Transparência pública e corrupção nos municípios brasileiros: o impacto do governo eletrônico

5           Evidências do impacto dos mecanismos de governo eletrônico na redução da ocorrência das improbidades

A literatura dedicada ao estudo do fenômeno da corrupção é rica em hipóteses que buscam explicar as principais causas e efeitos da corrupção no setor público. Com o intuito de contribuir neste esforço, serão realizados alguns testes estatísticos, com o objetivo de avaliar empiricamente a associação entre a qualidade do governo eletrônico (indicador proxy da transparência pública) e a frequência e a gravidade das falhas observadas na amostra de municípios auditados pelo Programa de Fiscalização de Municípios por Sorteios Públicos da Controladoria-Geral da União.

Embora exista um consenso de que a transparência é um valor essencial da democracia e um fator indispensável no combate à corrupção, a literatura apresenta distintas visões sobre a relação entre a participação e o controle político e as novas tecnologias da informação. (KLITGAARD, 1994; PEREIRA, 2002) O debate parece oscilar entre otimistas (que aspiram ao dia em que as novas tecnologias permitirão a todos os cidadãos participarem do processo político de tomada de decisão, num espaço inteiramente virtual) e pessimistas que rechaçam essa perspectiva, considerada fantasiosa. (WILHELM, 2000) Por esta razão, avaliamos se: a maior transparência do setor público municipal, mensurado pela qualidade do portal de serviços das prefeituras municipais, está associada negativamente à corrupção, mensurada pela frequência e o tipo das improbidades verificadas nos municípios da amostra (auditados pela Controladoria-Geral da União).[6]

Com o objetivo de testar a referida hipótese, os munícipios foram classificados nas seguintes categorias, de acordo com a qualidade dos mecanismos de governo eletrônico:

·                    1ª categoria: mecanismos interativos e transacionais;

·                    2ª categoria: mecanismos informativos;

·                    3ªcategoria: mecanismos de governo eletrônico inexistentes. (IBGE, 2006, p. 40)

A tabela (3) apresenta as estatísticas descritivas, ressaltando o número de municípios classificados na categoria (casos) e a frequência média de improbidades graves em cada categoria de governo eletrônico (média).
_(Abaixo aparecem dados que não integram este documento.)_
(* For every integer $t\ge1$ and every $a\in\{1,\dots,m\}$, $$q^{(a)}_t(\mathbf{z};q,\mathbf{Q})=\sum_{\mathbf{i}\in\{1,\dots,k+\ell\}^t}\mathrm{wt}(\mathbf{i})\,Q_{c(\mathbf{i})}^{a}\,\mathbf{z}_{\mathbf{i}} .$$
   Context: Fix integers $m\ge1$ and $k_1,\dots,k_m,\ell_1,\dots,\ell_m\ge0$; put $k=\sum k_a$, $\ell=\sum\ell_a$, $d_0=0$, $d_a=d_{a-1}+k_a+\ell_a$. For $i\in\{1,\dots,k+\ell\}$: parity $\bar i=\bar0$ if $d_{a-1}<i\le d_{a-1}+k_a$ for some $a$, $\bar i=\bar1$ if $d_a-\ell_a<i\le d_a$ for some $a$; color $c(i)=a$ if $d_{a-1}<i\le d_a$. Let $q,Q_1,\dots,Q_m$ be indeterminates and $z_1,\dots,z_{k+\ell}$ commuting variables (the $z_i$ of parity $\bar0$ are the ''$x$-variables'', those of parity $\bar1$ the ''$y$-variables''); work in $\mathbb{Q}(q,Q_1,\dots,Q_m)[z_1,\dots,z_{k+\ell}]$. For a sequence $\mathbf{i}=(i_1,\dots,i_t)$: $c(\mathbf{i})$ is the color of $\max\{i_1,\dots,i_t\}$; $\mathbf{z}_{\mathbf{i}}=(-1)^{\ell_1(\mathbf{i})}z_{i_1}\cdots z_{i_t}$; $\ell_s(\mathbf{i})$ is the number of entries of parity $\bar s$; $\delta_s(\mathbf{i})$ is the number of distinct values of parity $\bar s$ among the entries, $\delta(\mathbf{i})=\delta_0(\mathbf{i})+\delta_1(\mathbf{i})$. Define $$q^{(a)}_t(\mathbf{z};q,\mathbf{Q})=\sum_{1\le i_1\le\cdots\le i_t\le k+\ell}Q_{c(\mathbf{i})}^a(-q^{-1})^{\ell_1(\mathbf{i})-\delta_1(\mathbf{i})}q^{\ell_0(\mathbf{i})-\delta_0(\mathbf{i})}(q-q^{-1})^{\delta(\mathbf{i})-1}\mathbf{z}_{\mathbf{i}}.$$ A sequence $\mathbf{j}=(j_1,\dots,j_t)$ is up-down if there is $p\in\{1,\dots,t\}$ with $j_1<\cdots<j_p$ and $j_p\ge j_{p+1}\ge\cdots\ge j_t$ ($p$ is the position of the first occurrence of the maximum). Its weight is $\mathrm{wt}(\mathbf{j})=0$ if $\mathbf{j}$ is not up-down, and otherwise $\mathrm{wt}(\mathbf{j})=\prod_{r=1}^{p-1}w^{<}(j_r)\prod_{r=p+1}^{t}w^{\ge}(j_r)$, where $w^{<}(j)=-q^{-1}$ if $\bar j=\bar0$, $w^{<}(j)=q$ if $\bar j=\bar1$, $w^{\ge}(j)=q$ if $\bar j=\bar0$, $w^{\ge}(j)=-q^{-1}$ if $\bar j=\bar1$. *)

From HB Require Import structures.
From mathcomp Require Import all_boot all_order all_algebra.
Set Implicit Arguments. Unset Strict Implicit. Unset Printing Implicit Defensive.
Import Order.TTheory GRing.Theory Num.Theory.

(* Colors a range over 1..m; k a, l a are k_a, l_a (values outside 1..m unused).
   Indices i range over 1..N with N = k + l. Index sequences are seq nat (1-based). *)

Definition dd (k l : nat -> nat) (a : nat) : nat := \sum_(1 <= b < a.+1) (k b + l b).
Definition NN (m : nat) (k l : nat -> nat) : nat := dd k l m.

Definition par0 (m : nat) (k l : nat -> nat) (i : nat) : bool :=
  has (fun a => (dd k l a.-1 < i) && (i <= dd k l a.-1 + k a)) (iota 1 m).
Definition par1 (m : nat) (k l : nat -> nat) (i : nat) : bool :=
  has (fun a => (dd k l a - l a < i) && (i <= dd k l a)) (iota 1 m).
Definition color (m : nat) (k l : nat -> nat) (i : nat) : nat :=
  (find (fun a => (dd k l a.-1 < i) && (i <= dd k l a)) (iota 1 m)).+1.

Definition maxs (s : seq nat) : nat := \max_(x <- s) x.
Definition colseq m k l (s : seq nat) : nat := color m k l (maxs s).
Definition ell0 m k l (s : seq nat) : nat := count (par0 m k l) s.
Definition ell1 m k l (s : seq nat) : nat := count (par1 m k l) s.
Definition delta0 m k l (s : seq nat) : nat := size (undup (filter (par0 m k l) s)).
Definition delta1 m k l (s : seq nat) : nat := size (undup (filter (par1 m k l) s)).

Local Open Scope ring_scope.

Definition zseq (R : comUnitRingType) m k l (z : nat -> R) (s : seq nat) : R :=
  (-1) ^+ ell1 m k l s * \prod_(x <- s) z x.

(* 0-based tuple entries of 'I_N are turned into 1-based indices *)
Definition idx (N t : nat) (s : t.-tuple 'I_N) : seq nat := [seq (val x).+1 | x <- s].

Definition qat (R : comUnitRingType) (m : nat) (k l : nat -> nat) (q : R) (Q : nat -> R)
    (z : nat -> R) (a t : nat) : R :=
  \sum_(s : t.-tuple 'I_(NN m k l) | sorted leq (idx s))
    Q (colseq m k l (idx s)) ^+ a
    * (- q^-1) ^+ (ell1 m k l (idx s) - delta1 m k l (idx s))%N
    * q ^+ (ell0 m k l (idx s) - delta0 m k l (idx s))%N
    * (q - q^-1) ^+ (delta0 m k l (idx s) + delta1 m k l (idx s)).-1
    * zseq m k l z (idx s).

Definition updown (s : seq nat) : bool :=
  has (fun p => sorted ltn (take p s) && sorted (fun x y => y <= x)%N (drop p.-1 s))
      (iota 1 (size s)).

Definition peak (s : seq nat) : nat := (index (maxs s) s).+1.

Definition wlt (R : comUnitRingType) m k l (q : R) (j : nat) : R :=
  if par0 m k l j then - q^-1 else if par1 m k l j then q else 0.
Definition wge (R : comUnitRingType) m k l (q : R) (j : nat) : R :=
  if par0 m k l j then q else if par1 m k l j then - q^-1 else 0.

Definition wt (R : comUnitRingType) m k l (q : R) (s : seq nat) : R :=
  if updown s then
    (\prod_(j <- take (peak s).-1 s) wlt m k l q j) * \prod_(j <- drop (peak s) s) wge m k l q j
  else 0.

(* Group the sequences on the right by their sorted rearrangement: the colour and the
   monomial only depend on the multiset of indices, so it suffices to show that for a weakly
   increasing w the sum of wt over the distinct rearrangements of w is the coefficient
   (-q^-1)^(l1-d1) q^(l0-d0) (q-q^-1)^(d-1) of the left side.  Induct on the number of distinct
   entries: if v is the least entry of w, of multiplicity r, and y runs over the rearrangements
   of the other entries, the only rearrangements of w that can be up-down are v y v^(r-1) and
   y v^r, with weights wt(y) w<(v) w>=(v)^(r-1) and wt(y) w>=(v)^r.  As w<(v) + w>=(v) = q - q^-1
   for either parity of v, this is exactly how the closed form changes when v^r is adjoined. *)

From HB Require Import structures.
From mathcomp Require Import all_boot all_order all_algebra.
From mathcomp Require Import ring zify.
Import GRing.Theory.
Set Implicit Arguments. Unset Strict Implicit.

Section UpDownSequences.

Local Notation geqn := (fun x y : nat => y <= x).

Lemma filter_predC1_gt v s : all (fun x => v < x) s -> filter (predC1 v) s = s.
Proof. by move=> /allP gt_s; apply/all_filterP/allP=> x /gt_s /gtn_eqF /= ->. Qed.

Lemma sorted_ltn_rcons a M : sorted ltn (rcons a M) -> all (fun x => x < M) a.
Proof.
by rewrite -rev_sorted rev_rcons -all_rev => /(order_path_min (rev_trans ltn_trans)).
Qed.

Lemma updown_peak a M b : sorted ltn (rcons a M) -> sorted geqn (M :: b) ->
  [/\ updown (a ++ M :: b), maxs (a ++ M :: b) = M & peak (a ++ M :: b) = (size a).+1].
Proof.
move=> sa sb; have lt_aM := sorted_ltn_rcons sa.
have ge_bM : all (geqn M) b := order_path_min (rev_trans leq_trans) sb.
have max_M : maxs (a ++ M :: b) = M.
  apply/eqP; rewrite eqn_leq; apply/andP; split.
    apply/bigmax_leqP_seq=> x; rewrite mem_cat inE.
    by case/or3P=> [/(allP lt_aM)/ltnW | /eqP-> | /(allP ge_bM)].
  by rewrite (@leq_bigmax_seq _ _ xpredT (fun x => x)) // mem_cat mem_head orbT.
split=> //.
  apply/hasP; exists (size a).+1; first by rewrite mem_iota size_cat /= addnS ltnS leq_addr.
  by rewrite /= take_cat ltnNge leqnSn /= subSnn /= take0 cats1 sa drop_size_cat.
have M_notin_a : M \notin a by apply/negP=> /(allP lt_aM); rewrite ltnn.
by rewrite /peak max_M index_cat (negPf M_notin_a) /= eqxx addn0.
Qed.

Lemma updownP s : reflect
  (exists a M b, [/\ s = a ++ M :: b, sorted ltn (rcons a M) & sorted geqn (M :: b)])
  (updown s).
Proof.
apply: (iffP hasP) => [[p]|[a [M [b [-> sa sb]]]]]; last first.
  by apply/hasP; have [] := updown_peak sa sb.
rewrite mem_iota => /andP[p_gt0 p_le] /andP[sa sb].
case: p p_gt0 p_le sa sb => // n _; rewrite add1n ltnS => n_lt sa sb.
exists (take n s), (nth 0 s n), (drop n.+1 s).
by rewrite -(take_nth 0 n_lt) -(drop_nth 0 n_lt) cat_take_drop.
Qed.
TABELA 3. Estatísticas Descritivas do Governo Eletrônico

 

Casos

Média

Desvio Padrão

Erro Padrão

1st Category

111

6,68

12,023

1,141

2nd Category

281

8,40

10,324

0,616

3rd Category

448

11,37

14,150

0,669

Total

840

9,76

12,824

0,442

Fonte: Tabela elaborada pelo autor

A análise de variância robusta evidencia que existe uma diferença significativa entre as referidas médias de ocorrência das improbidades graves, segundo as categorias de classificação da qualidade dos mecanismos de governo eletrônico, F (2,0837)= 8,44, p< .001.[7]  Os testes pos-hoc indicam também a existência de uma tendência linear decrescente, evidenciando que a implementação de mecanismos interativos ou transacionais de governo eletrônico reduz significativamente a ocorrência média de improbidades graves se comparada com a ausência de tais mecanismos, t (837)= -4,106, p < .001 (1-tailed).[8]

Os resultados corroboram a suposição, amplamente aceita, mas raramente demonstrada empiricamente, de que os mecanismos de governo eletrônico e transparência pública exercem uma influência negativa significativa sobre a ocorrência das improbidades.


6           Considerações Finais

A democracia requer que os cidadãos participem ativamente e para isso é necessário que disponham de informação confiável sobre o funcionamento da administração, de seu governo e Estado. Por isso, o direito de acesso à informação pública e os mecanismos de promoção da transparência são instrumentos de significativa importância para o desenvolvimento das instituições públicas e da participação cidadã, indispensáveis, como podemos observar a partir da análise da função de utilidade dos agentes públicos, a prevenção e o combate à corrupção.

Essas mudanças, necessárias ao aperfeiçoamento institucional, são formais; mas, acima de tudo, culturais; pois exigem a reversão do princípio tradicionalmente arraigado de que toda a informação do Estado e de seus entes é secreta – uma espécie de prerrogativa exclusiva dos governantes.

O direito às informações de que o Estado dispõe fundamenta-se no princípio da publicidade dos atos administrativos e na eliminação dos segredos públicos. Neste sentido, o direito à informação constitui um indicador significativo dos avanços em direção a uma democracia participativa: oponível ao Estado, comprova a adoção do princípio da publicidade dos atos administrativos; sob o ponto de vista do cidadão, é instrumento de controle social do poder e pressuposto da participação popular, na medida em que o habilita para interferir efetivamente nas decisões governamentais. (GRAF, 1998, p. 24)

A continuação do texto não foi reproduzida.